The joy of restitutionAccording to a report based on a 2005 survey conducted by the Taiwan Breast Cancer Alliance, more than 90% of respondents were aware that the option to have reconstructive surgery existed. But only about 5.6% had chosen at that point to have the procedure, a much lower percentage than in the US (25–30%). The most important reason is probably that breast reconstruction is not covered by National Health Insurance in Taiwan, so must be paid for out of pocket. Not many people can afford the NT$200–300,000 that the surgery costs.
Cheng Ming-huei says that in the US, breast reconstruction is considered to be part of the treatment of the cancer, and in fact, under a 1998 federal law, insurance coverage is mandatory. In recent years, thanks in part to efforts by the Taiwan Breast Reconstruction Association to promote the procedure, the ratio in Taiwan has been gradually climbing. For example, today over 10% of women admitted to Chang Gung Memorial Hospital for breast cancer treatment opt for reconstructive surgery.
Besides cost, another critical variable is family attitudes. Sometimes families feel that it is unimportant for an older woman to retain this “secondary sexual characteristic.” But Hsieh points out, “No matter how old you get you are still a woman.” Unfortunately children who make treatment decisions on behalf of elderly women rarely can understand what it feels like for their mother, for whom the loss of a breast is “mourned.”
“Family support is very important,” says 46-year-old breast cancer patient Liu Fengyu.
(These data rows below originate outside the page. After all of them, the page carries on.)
(* Let $D' \in \mathrm{Sym}_n(\mathbb{R}_{\geq 0})$ be a corrupted distance matrix. Then the Increase Only Metric Repair algorithm described below returns a perturbation $P$ with $0\preceq P$ such that $D'+P$ is metric, and it runs in time $O(n^3)$.
   Context: $\mathrm{Sym}_n(\mathbb{R}_{\geq 0})$ denotes the symmetric $n\times n$ matrices with nonnegative entries. $D$ is metric if $D_{ii}=0$ for all $i$ and $D_{ij}\le D_{ik}+D_{jk}$ for all $i,j,k$. $A\preceq B$ means entrywise $\le$. The Increase Only Metric Repair algorithm: set $\widehat{D}=D'$ (a symmetric matrix, updates being made symmetrically). For $k=1,\dots,n$, for $i=1,\dots,n$, for $j=1,\dots,i-1$: if $\widehat{D}_{ij} > \widehat{D}_{ik}+\widehat{D}_{kj}$, set $\widehat{D}_{ik}=\widehat{D}_{ki}=\widehat{D}_{ij}-\widehat{D}_{kj}$. Output $P=\widehat{D}-D'$. *)

From mathcomp Require Import all_boot all_order all_algebra.
Set Implicit Arguments. Unset Strict Implicit. Unset Printing Implicit Defensive.
Import Order.TTheory GRing.Theory Num.Theory.
Local Open Scope ring_scope.

Section IOMR.
Variables (R : realFieldType) (n : nat).

Definition sym_nonneg (D : 'M[R]_n) : Prop :=
  (forall i j, D i j = D j i) /\ (forall i j, 0 <= D i j).

Definition is_metric (D : 'M[R]_n) : Prop :=
  (forall i, D i i = 0) /\ (forall i j k, D i j <= D i k + D j k).

Definition mx_le (A B : 'M[R]_n) : Prop := forall i j, A i j <= B i j.

Definition sym_set (D : 'M[R]_n) (i k : 'I_n) (v : R) : 'M[R]_n :=
  \matrix_(a, b) (if ((a == i) && (b == k)) || ((a == k) && (b == i))
                  then v else D a b).

Definition iomr_step (k i j : 'I_n) (D : 'M[R]_n) : 'M[R]_n :=
  if D i k + D k j < D i j then sym_set D i k (D i j - D k j) else D.

(* The state carries the current matrix and a counter of elementary
   (constant-time) inner-loop iterations performed, as a cost model. *)
Definition iomr_state := ('M[R]_n * nat)%type.

Definition iomr_tick (k i j : 'I_n) (s : iomr_state) : iomr_state :=
  (iomr_step k i j s.1, s.2.+1).

Definition iomr_run (D' : 'M[R]_n) : iomr_state :=
  foldl (fun (s : iomr_state) (k : 'I_n) =>
    foldl (fun (s : iomr_state) (i : 'I_n) =>
      foldl (fun (s : iomr_state) (j : 'I_n) => iomr_tick k i j s) s
        [seq j <- enum 'I_n | (nat_of_ord j < nat_of_ord i)%N])
      s (enum 'I_n))
    (D', 0%N) (enum 'I_n).

Definition iomr (D' : 'M[R]_n) : 'M[R]_n := (iomr_run D').1 - D'.

Definition iomr_cost (D' : 'M[R]_n) : nat := (iomr_run D').2.

End IOMR.

From mathcomp Require Import all_boot all_order all_algebra.
From mathcomp Require Import lra.
Set Implicit Arguments. Unset Strict Implicit. Unset Printing Implicit Defensive.
Import Order.TTheory GRing.Theory Num.Theory.
Local Open Scope ring_scope.

(* Round k only raises the entries D(i,k) = D(k,i), row by row.  When row i
   is treated the rows j < i are final, and step (i,j) leaves
   D(i,j) <= D(i,k) + D(k,j); since D(i,k) only grows afterwards, the
   triangle inequality through k holds at the end of the round.  A raised
   entry satisfies D(i,k) + D(j,k) <= D(i,j) for some j < i, so, using the
   triangle inequality through k for (m,j),
   D(i,k) <= D(i,m) + D(m,j) - D(j,k) <= D(i,m) + D(m,k):
   triangle inequalities through any other m that held before the round
   survive it.  After the n rounds D' + P is therefore metric, and P >= 0
   since entries only grow.  Each round performs at most n^2 steps. *)

Lemma foldl_filter (S T : Type) (f : S -> T -> S) (p : pred T) s l :
  foldl f s [seq x <- l | p x] = foldl (fun s x => if p x then f s x else s) s l.
Proof. by elim: l s => //= x l IH s; case: (p x) => /=. Qed.

Lemma foldl_enum_ord_ind (S : Type) (n : nat) (f : S -> 'I_n -> S)
    (P : nat -> S -> Prop) s :
  P 0%N s -> (forall (i : 'I_n) s, P i s -> P i.+1 (f s i)) ->
  P n (foldl f s (enum 'I_n)).
Proof.
move=> P0 Pf.
suff Pm m : (m <= n)%N -> P m (foldl f s (take m (enum 'I_n))).
  by have := Pm n (leqnn n); rewrite take_oversize // size_enum_ord.
elim: m => [_|m IH lt_mn]; first by rewrite take0.
rewrite (take_nth (Ordinal lt_mn)) ?size_enum_ord // foldl_rcons.
have -> : nth (Ordinal lt_mn) (enum 'I_n) m = Ordinal lt_mn.
  by apply: val_inj; rewrite /= nth_enum_ord.
exact: (Pf (Ordinal lt_mn)) (IH (ltnW lt_mn)).
Qed.

Lemma foldl_snd_le (S T : Type) (f : S * nat -> T -> S * nat) b s l :
  (forall s x, ((f s x).2 <= s.2 + b)%N) ->
  ((foldl f s l).2 <= s.2 + size l * b)%N.
Proof.
move=> fb; elim: l s => [|x l IH] s /=; first by rewrite addn0.
by apply: leq_trans (IH _) _; rewrite mulSn addnA leq_add2r.
Qed.

Section IncreaseOnlyMetricRepair.
Variables (R : realFieldType) (n : nat).
Implicit Types (M D : 'M[R]_n) (s : iomr_state R n).

Definition iomr_row (k i : 'I_n) s : iomr_state R n :=
  foldl (fun s j => iomr_tick k i j s) s
    [seq j <- enum 'I_n | (nat_of_ord j < nat_of_ord i)%N].

Definition iomr_round (k : 'I_n) s : iomr_state R n :=
  foldl (fun s i => iomr_row k i s) s (enum 'I_n).

Lemma iomr_runE D : iomr_run D = foldl (fun s k => iomr_round k s) (D, 0%N) (enum 'I_n).
Proof. by []. Qed.

Lemma iomr_row_cost k i s : ((iomr_row k i s).2 <= s.2 + n)%N.
Proof.
rewrite /iomr_row; apply: leq_trans; first apply: (foldl_snd_le (b := 1)) => t j; first by rewrite addn1.
by rewrite muln1 leq_add2l size_filter -[leqRHS]size_enum_ord count_size.
Qed.

Lemma iomr_round_cost k s : ((iomr_round k s).2 <= s.2 + n * n)%N.
Proof.
rewrite /iomr_round; apply: leq_trans; first by apply: (foldl_snd_le (b := n)) => t i; apply: iomr_row_cost.
by rewrite size_enum_ord.
Qed.

Lemma iomr_cost_le D : (iomr_cost D <= n ^ 3)%N.
Proof.
rewrite /iomr_cost iomr_runE.
apply: leq_trans; first by apply: (foldl_snd_le (b := n * n)) => t k; apply: iomr_round_cost.
by rewrite size_enum_ord add0n !expnS expn0 muln1.
Qed.


Definition dissimilarity M := sym_nonneg M /\ forall i, M i i = 0.

Definition triangle_at M (m : 'I_n) := forall i j, M i j <= M i m + M m j.

Section SymSet.
Variables (M : 'M[R]_n) (i k : 'I_n) (v : R).

Lemma sym_set_sym : (forall a b, M a b = M b a) ->
  forall a b, sym_set M i k v a b = sym_set M i k v b a.
Proof.
move=> Ms a b; rewrite !mxE [(b == i) && _]andbC [(b == k) && _]andbC orbC.
by case: ifP.
Qed.

Lemma sym_set_diag a : i != k -> sym_set M i k v a a = M a a.
Proof.
move=> ik; rewrite mxE; case: ifP => // /orP[]/andP[/eqP E1 /eqP E2];
  by move: ik; rewrite -E1 -E2 eqxx.
Qed.

Lemma sym_set_ik : sym_set M i k v i k = v.
Proof. by rewrite mxE !eqxx. Qed.

Lemma sym_set_ne_i a b : a != i -> b != i -> sym_set M i k v a b = M a b.
Proof. by move=> ai bi; rewrite mxE (negbTE ai) (negbTE bi) andbF. Qed.

Lemma sym_set_ne_k a b : a != k -> b != k -> sym_set M i k v a b = M a b.
Proof. by move=> ak bk; rewrite mxE (negbTE ak) (negbTE bk) andbF. Qed.

Lemma le_sym_set a b : M i k <= v -> M k i <= v -> M a b <= sym_set M i k v a b.
Proof. by move=> Mik Mki; rewrite mxE; case: ifP => // /orP[]/andP[/eqP-> /eqP->]. Qed.

End SymSet.

Variant iomr_step_spec (k r j : 'I_n) M : 'M[R]_n -> Prop :=
  | IomrStepKeep of M r j <= M r k + M k j : iomr_step_spec k r j M M
  | IomrStepRaise of M r k + M k j < M r j :
      iomr_step_spec k r j M (sym_set M r k (M r j - M k j)).

Lemma iomr_stepP k r j M : iomr_step_spec k r j M (iomr_step k r j M).
Proof. by rewrite /iomr_step; case: ltP; constructor. Qed.

Section Round.
Variables (k : 'I_n) (D : 'M[R]_n).
Hypothesis D_dissimilarity : dissimilarity D.

(* State of round [k] once the rows [i < r] have been treated, and in row [r]
   the columns [j < c]; the matrix [D] is the one the round started from. *)
Record round_inv (r c : nat) M : Prop := RoundInv {
  round_sym : forall a b, M a b = M b a;
  round_diag : forall a, M a a = 0;
  round_ge : forall a b, D a b <= M a b;
  round_off : forall a b, a != k -> b != k -> M a b = D a b;
  round_raised : forall i : 'I_n, M i k = D i k \/
    (i <= r)%N /\ exists2 j : 'I_n, (j < i)%N /\ j != k & M i k + M j k <= M i j;
  round_tri : forall a b : 'I_n, (b < a)%N ->
    (a < r)%N || (a == r :> nat) && (b < c)%N -> M a b <= M a k + M b k }.

Lemma round_inv_init : round_inv 0 0 D.
Proof.
have [[Ds _] Dd] := D_dissimilarity.
by split=> // [i|a b _]; [left | rewrite andbF].
Qed.

Lemma round_inv_next_col (r : 'I_n) c M : round_inv r c M ->
  (forall b : 'I_n, (b < r)%N -> b = c :> nat -> M r b <= M r k + M b k) ->
  round_inv r c.+1 M.
Proof.
case=> Ms Md MD Moff Mraised Mtri new_pair; split=> // a b ba /orP[ar|].
  by apply: Mtri => //; rewrite ar.
case/andP=> /eqP ar; rewrite ltnS leq_eqVlt => /orP[/eqP bc|bc].
  by rewrite (val_inj ar); apply: new_pair => //; rewrite -ar.
by apply: Mtri => //; rewrite ar eqxx bc orbT.
Qed.

Lemma round_inv_next_row r M : round_inv r n M -> round_inv r.+1 0 M.
Proof.
case=> Ms Md MD Moff Mraised Mtri; split=> //.
  by move=> i; case: (Mraised i) => [|[ir wit]]; [left | right; split=> //; apply: leqW].
move=> a b ba; rewrite ltnS ltn0 andbF orbF leq_eqVlt => /orP[ar|ar].
  by apply: Mtri => //; rewrite ar ltn_ord orbT.
by apply: Mtri => //; rewrite ar.
Qed.

Lemma round_inv_raise (r : 'I_n) c M v : round_inv r c M -> r != k ->
  M r k <= v -> (exists2 j : 'I_n, (j < r)%N /\ j != k & v + M j k <= M r j) ->
  round_inv r c (sym_set M r k v).
Proof.
case=> Ms Md MD Moff Mraised Mtri rk Mv wit.
set M' := sym_set M r k v.
have kr : k != r by rewrite eq_sym.
have MM' a b : M a b <= M' a b by apply: le_sym_set; rewrite // Ms.
have M'_sym a b : M' a b = M' b a by apply: sym_set_sym.
have M'_diag a : M' a a = 0 by rewrite sym_set_diag.
split=> //.
- by move=> a b; apply: le_trans (MD a b) (MM' a b).
- by move=> a b ak bk; rewrite sym_set_ne_k // Moff.
- move=> i; case: (eqVneq i r) => [-> | ir].
    right; split=> //; case: wit => j [jr jk] vj; exists j => //.
    have jr' : j != r by rewrite neq_ltn jr.
    by rewrite sym_set_ik sym_set_ne_i // sym_set_ne_k.
  rewrite sym_set_ne_i //; case: (Mraised i) => [|[ile [j [ji jk] Mj]]]; first by left.
  have jr : j != r by rewrite neq_ltn (leq_trans ji ile).
  by right; split=> //; exists j => //; rewrite !sym_set_ne_i.
- move=> a b ba ab_done.
  case: (eqVneq a k) => [-> | ak]; first by rewrite M'_diag add0r M'_sym.
  case: (eqVneq b k) => [-> | bk]; first by rewrite M'_diag addr0.
  rewrite sym_set_ne_k //; apply: le_trans (Mtri a b ba ab_done) _.
  by apply: lerD.
Qed.

Lemma round_inv_step (r j : 'I_n) M : round_inv r j M -> (j < r)%N ->
  round_inv r j.+1 (iomr_step k r j M).
Proof.
move=> inv jr; have [Ms Md _ _ _ _] := inv.
case: iomr_stepP => [keep | raise].
  by apply: round_inv_next_col => // b _ /val_inj ->; rewrite (Ms j k).
have rk : r != k by apply: contraTneq raise => ->; rewrite Md add0r ltxx.
have jk : j != k by apply: contraTneq raise => ->; rewrite Md addr0 ltxx.
have jr' : j != r by rewrite neq_ltn jr.
have kr : k != r by rewrite eq_sym.
apply: round_inv_next_col.
  apply: round_inv_raise => //; first by rewrite lerBrDr ltW.
  by exists j => //; rewrite (Ms j k) subrK.
move=> b _ /val_inj ->.
by rewrite sym_set_ne_k // sym_set_ik sym_set_ne_i // (Ms j k) subrK.
Qed.

Lemma round_inv_past (r : 'I_n) c M : round_inv r c M -> (r <= c)%N ->
  round_inv r c.+1 M.
Proof.
by move=> inv rc; apply: round_inv_next_col => // b br bc; rewrite bc ltnNge rc in br.
Qed.

Lemma iomr_round_inv s : s.1 = D -> round_inv n 0 (iomr_round k s).1.
Proof.
move=> sD; apply: (foldl_enum_ord_ind (P := fun r t => round_inv r 0 t.1)).
  by rewrite sD; exact: round_inv_init.
move=> r t inv; apply: round_inv_next_row; rewrite /iomr_row foldl_filter.
apply: (foldl_enum_ord_ind (P := fun c t => round_inv r c t.1)) => // j u.
by case: ltnP => [jr | rj] inv'; [apply: round_inv_step | apply: round_inv_past].
Qed.

Lemma round_inv_dissimilarity M : round_inv n 0 M -> dissimilarity M.
Proof.
case=> Ms Md MD _ _ _; have [[_ Dn] _] := D_dissimilarity.
by split=> //; split=> // a b; apply: le_trans (Dn a b) (MD a b).
Qed.

Lemma round_inv_pivot M : round_inv n 0 M -> forall a b, M a b <= M a k + M b k.
Proof.
move=> inv a b; have [[Ms Mn] Md] := round_inv_dissimilarity inv.
case: (ltngtP a b) => ab.
- by rewrite Ms addrC; apply: (round_tri inv) => //; rewrite ltn_ord.
- by apply: (round_tri inv) => //; rewrite ltn_ord.
- by rewrite (val_inj ab) Md addr_ge0.
Qed.

Lemma round_inv_triangle_pivot M : round_inv n 0 M -> triangle_at M k.
Proof. by move=> inv i j; rewrite -(round_sym inv j k); apply: round_inv_pivot. Qed.

Lemma round_inv_triangle M m : round_inv n 0 M -> m != k ->
  triangle_at D m -> triangle_at M m.
Proof.
move=> inv mk Dm; have [[Ms Mn] Md] := round_inv_dissimilarity inv.
have pivot := round_inv_pivot inv; case: inv => _ _ MD Moff Mraised _.
have col_k i : i != k -> M i k <= M i m + M m k.
  move=> ik; rewrite (Moff i m ik mk).
  case: (Mraised i) => [-> | [_ [j [_ jk] Mj]]].
    by apply: le_trans (Dm i k) _; rewrite lerD2l.
  rewrite (Moff i j ik jk) in Mj; have := Dm i j; have := pivot m j.
  rewrite (Moff m j mk jk); lra.
move=> i j; case: (eqVneq i k) => [-> | ik]; case: (eqVneq j k) => [-> | jk].
- by rewrite Md addr_ge0.
- by rewrite (Ms k j) (Ms k m) (Ms m j) addrC; apply: col_k.
- exact: col_k.
- by rewrite (Moff i j) // (Moff i m) // (Moff m j) //; apply: Dm.
Qed.

End Round.

Lemma iomr_round_spec k s : dissimilarity s.1 ->
  [/\ dissimilarity (iomr_round k s).1, mx_le s.1 (iomr_round k s).1,
      triangle_at (iomr_round k s).1 k &
      forall m, m != k -> triangle_at s.1 m -> triangle_at (iomr_round k s).1 m].
Proof.
move=> s_dis; have inv := iomr_round_inv k s_dis (erefl s.1).
split; [exact: round_inv_dissimilarity inv | exact: round_ge inv |
        exact: round_inv_triangle_pivot inv | by move=> m; apply: round_inv_triangle].
Qed.

Lemma iomr_run_spec D : dissimilarity D ->
  [/\ dissimilarity (iomr_run D).1, mx_le D (iomr_run D).1 &
      forall m, triangle_at (iomr_run D).1 m].
Proof.
move=> D_dis; rewrite iomr_runE.
set P := fun (k : nat) (t : iomr_state R n) => [/\ dissimilarity t.1, mx_le D t.1 &
  forall m : 'I_n, (m < k)%N -> triangle_at t.1 m].
suff [M_dis DM Mtri] : P n (foldl (fun s k => iomr_round k s) (D, 0%N) (enum 'I_n)).
  by split=> // m; apply: Mtri.
apply: foldl_enum_ord_ind => [|k t [t_dis Dt t_tri]]; first by split=> // a b.
have [M_dis tM Mk Mm] := iomr_round_spec k t_dis.
split=> // [a b | m]; first exact: le_trans (Dt a b) (tM a b).
rewrite ltnS leq_eqVlt => /orP[/eqP/val_inj -> // | mk].
by apply: Mm (t_tri m mk); rewrite neq_ltn mk.
Qed.

End IncreaseOnlyMetricRepair.

Theorem mainTheorem4 :
  (exists c : nat, forall (R : realFieldType) (n : nat) (D' : 'M[R]_n),
      (iomr_cost D' <= c * n ^ 3)%N) /\
  (forall (R : realFieldType) (n : nat) (D' : 'M[R]_n),
    sym_nonneg D' ->
    (forall i, D' i i = 0) ->
    mx_le 0 (iomr D') /\ is_metric (D' + iomr D')).
Proof.
split; first by exists 1%N => R n D'; rewrite mul1n; apply: iomr_cost_le.
move=> R n D' D'_sym_nonneg D'_diag.
have [[[Ms _] Md] D'M Mtri] := iomr_run_spec (conj D'_sym_nonneg D'_diag).
have -> : D' + iomr D' = (iomr_run D').1 by rewrite /iomr addrC subrK.
split; first by move=> i j; rewrite /iomr !mxE subr_ge0.
by split=> // i j k; rewrite (Ms j k); apply: Mtri.
Qed.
For a while after her surgery she was deeply depressed and wouldn’t even go out of the house, until her husband finally told her: “Whatever you think is best, go for it!”
Liu recalls: “The first time I looked in a mirror and saw my reconstructed cleavage, I began to feel happy from somewhere deep inside, and I just couldn’t stop smiling!” Her husband and friends also noticed how upbeat she became after the reconstructive surgery.
Chen Wenjuan, a past director of the Taiwan Breast Reconstruction Association, says that just having reconstruction as an option gives hope to patients, helping them summon up the courage to face a mastectomy, and to cope with all the follow-up treatment. The knowledge that they could be restored to their original appearance is what saves them from being “haunted” by their illness.
Septuagenarian Luo Lirong, in the vanguard of women who have had breast reconstruction surgery, says: “I hope that all women who have lost a breast will one day be able to enjoy the pleasure of ‘restitution’!”